The defendant argues primarily that the statutory form used in indictments brought in this state under G. L. 1956 (1969 Reenactment) §12-12-7 does not meet the constitutional requirement of a defendant's right “to be informed of the nature and cause of the accusation” as is provided for in the sixth amendment to the Constitution of the *68 United States and art. I, sec. 10, of the constitution of this state. From that premise he argues that the intent of the Legislature in enacting §12-12-9 providing for bills of particulars was to establish a method for curing such indictments when constitutionally inadequate and that, therefore, defendant was entitled to particulars as a matter of right.

In the first place, we cannot agree that the purpose of §12-12-9 was to provide a method for curing constitutionally defective indictments. It is settled in this state that a bill of particulars cannot cure a constitutionally defective indictment. State v. Brown, 97 R.I. 115, 121, 196 A.2d 133, 137 (1963); State v. Smith, 56 R.I. 168, 182, 184 A. 494, 500 (1936). That section, however, makes it possible for a defendant, when confronted with an indictment that is constitutionally adequate but alleges the offense in general terms, to seek clarification as to the nature thereof by means of a bill of particulars as provided for in said §12-12-9. State v. Berberian, 100 R.I. 413, 216 A.2d 507 (1966).

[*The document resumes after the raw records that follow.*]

(* Let $S$ be a numerical semigroup. If $\mathrm{Ap}(S)$ is $\gamma$-rectangular, then $S$ is free. The converse fails: $S=\langle 5,6,9\rangle$ is free but its Apéry set is not $\gamma$-rectangular.
   Context: A numerical semigroup is a submonoid $S$ of $(\mathbb N,+)$ with finite complement in $\mathbb N$; $g_1<\dots<g_\nu$ is its minimal system of generators, $m=g_1$, and for $n\in S$, $\mathrm{Ap}(S,n)=\{s\in S: s-n\notin S\}$, $\mathrm{Ap}(S)=\mathrm{Ap}(S,m)$. A representation of $s\in S$ is an expression $s=\sum_{i=1}^\nu\lambda_ig_i$, $\lambda_i\in\mathbb N$; $\mathrm{ord}(s)$ is the maximum of $\sum\lambda_i$ over all representations; a representation is maximal if $\sum\lambda_i=\mathrm{ord}(s)$. For $i=2,\dots,\nu$, $\gamma_i=\max\{h\in\mathbb N: hg_i\in\mathrm{Ap}(S),\ \mathrm{ord}(hg_i)=h,\ hg_i\text{ has a unique maximal representation}\}$; $\mathrm{Ap}(S)$ is $\gamma$-rectangular if $\mathrm{Ap}(S)=\{\sum_{i=2}^\nu\lambda_ig_i: 0\le\lambda_i\le\gamma_i\}$. For an arbitrary ordering $\mathbf n=(n_1,\dots,n_\nu)$ of the minimal generators, $\phi_i=\min\{h\in\mathbb N: hn_i\in\langle n_1,\dots,n_{i-1}\rangle\}-1$ ($i=2,\dots,\nu$). $S$ is free if there is such an ordering with $\mathrm{Ap}(S,n_1)=\{\sum_{i=2}^\nu\lambda_in_i: 0\le\lambda_i\le\phi_i\}$. *)

From mathcomp Require Import all_boot.
Set Implicit Arguments. Unset Strict Implicit. Unset Printing Implicit Defensive.

Definition numerical_semigroup (S : nat -> Prop) : Prop :=
  [/\ S 0, (forall a b, S a -> S b -> S (a + b)) &
      exists F, forall n, F <= n -> S n].

Definition min_generator (S : nat -> Prop) (x : nat) : Prop :=
  [/\ S x, 0 < x & ~ (exists a b, [/\ S a, S b, 0 < a, 0 < b & a + b = x])].

(* g = [g_1 < ... < g_nu] is the minimal system of generators of S
   (0-based: g`_0 = m is the multiplicity). *)
Definition min_gens (S : nat -> Prop) (g : seq nat) : Prop :=
  sorted ltn g /\ forall x, x \in g <-> min_generator S x.

(* Ap(S,n) = {s in S : s - n notin S} (s - n < 0 counts as not in S). *)
Definition apery (S : nat -> Prop) (n s : nat) : Prop :=
  S s /\ (s < n \/ ~ S (s - n)).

Antecedent to a decision on defendant’s contention of error is the inquiry whether short-form indictments authorized for use in this state by §12-12-7 are sufficient to inform a defendant of the nature and the cause of the accusation against him. The short-form statute, §12-12-7, was first enacted by P. L. 1932, ch. 1954, sec. 1. Thereafter, on June 1, 1936, one Frank S. Domanski was charged in an indictment drawn pursuant to that statute in the following form: “did rob one William J. Wilbek.” State v. Domanski, 57 R.I. 500, 501, 190 A. 854, 855 (1937). This court in an exhaustive discussion of the constitutionality of the • short-form statute held that an accused has a constitutional right to be clearly informed of the accusation against him so that he may defend the same and later plead a conviction or acquittal in bar of a subsequent charge for the same offense. The court went on to say *69 that no simplification of an indictment which deprives an accused of this constitutional guarantee could be sustained •by any cpurt. Id. at 504, 190 A. at 857.

We held, however, that the purpose of the statute was to simplify criminal procedure and not to change substantive law. Specifically referring to the use of the words “robbery” and “to rob,” the court said: “These words, when used as words of art, include withiii themselves all the necessary component elements that constitute the offense. When the State charged that these defendants 'did rob one William J. Wilbek,’ the defendants were left with no doubt of the nature and cause of the accusation against them.” Id. at 505, 190 A. at 857.

We have held that it is within the legislative power to prescribe the manner and form in which an offense may be charged in the criminal process, recognizing, however, that an exercise of this power is limited by any pertinent constitutional provision and, in particular, art. I, sec. 10, of our state constitution and art. VI of the amendments to the federal Constitution. State v. Brown, supra; State v. Scofield, 87 R. I. 78, 138 A.2d 415 (1958); State v. Smith, supra.

In Domanski this court conceded that there is a constitutional limit to the simplification of criminal pleading and that the Legislature may have approached such limit in providing for short-form indictments in §12-12-7. But the defendant has failed to overcome the presumption of constitutionality arising out of the legislative enactment. State v. Carufel, 106 R. I. 739, 742, 263 A.2d 686, 688 (1970). However, we have clearly stated that we will not even by indirection reintroduce technicalities into the pleading of criminal offenses. The purpose of G. L. 1956, ch. 12 of title 12, was to eliminate such technicalities in criminal pleading. In State v. Raposa, 100 R. I. 516, 519, 217 A.2d 469, 471 (1966), we said: “We do not propose now to burden the *70 state with the task of alleging specifically in an indictment, such as the one under consideration, a description of every mechanism by which an assault intended to accomplish murder may be committed.” We cannot agree that the short-form indictments here under consideration eroded defendant’s constitutional right to be informed of the nature of the offense.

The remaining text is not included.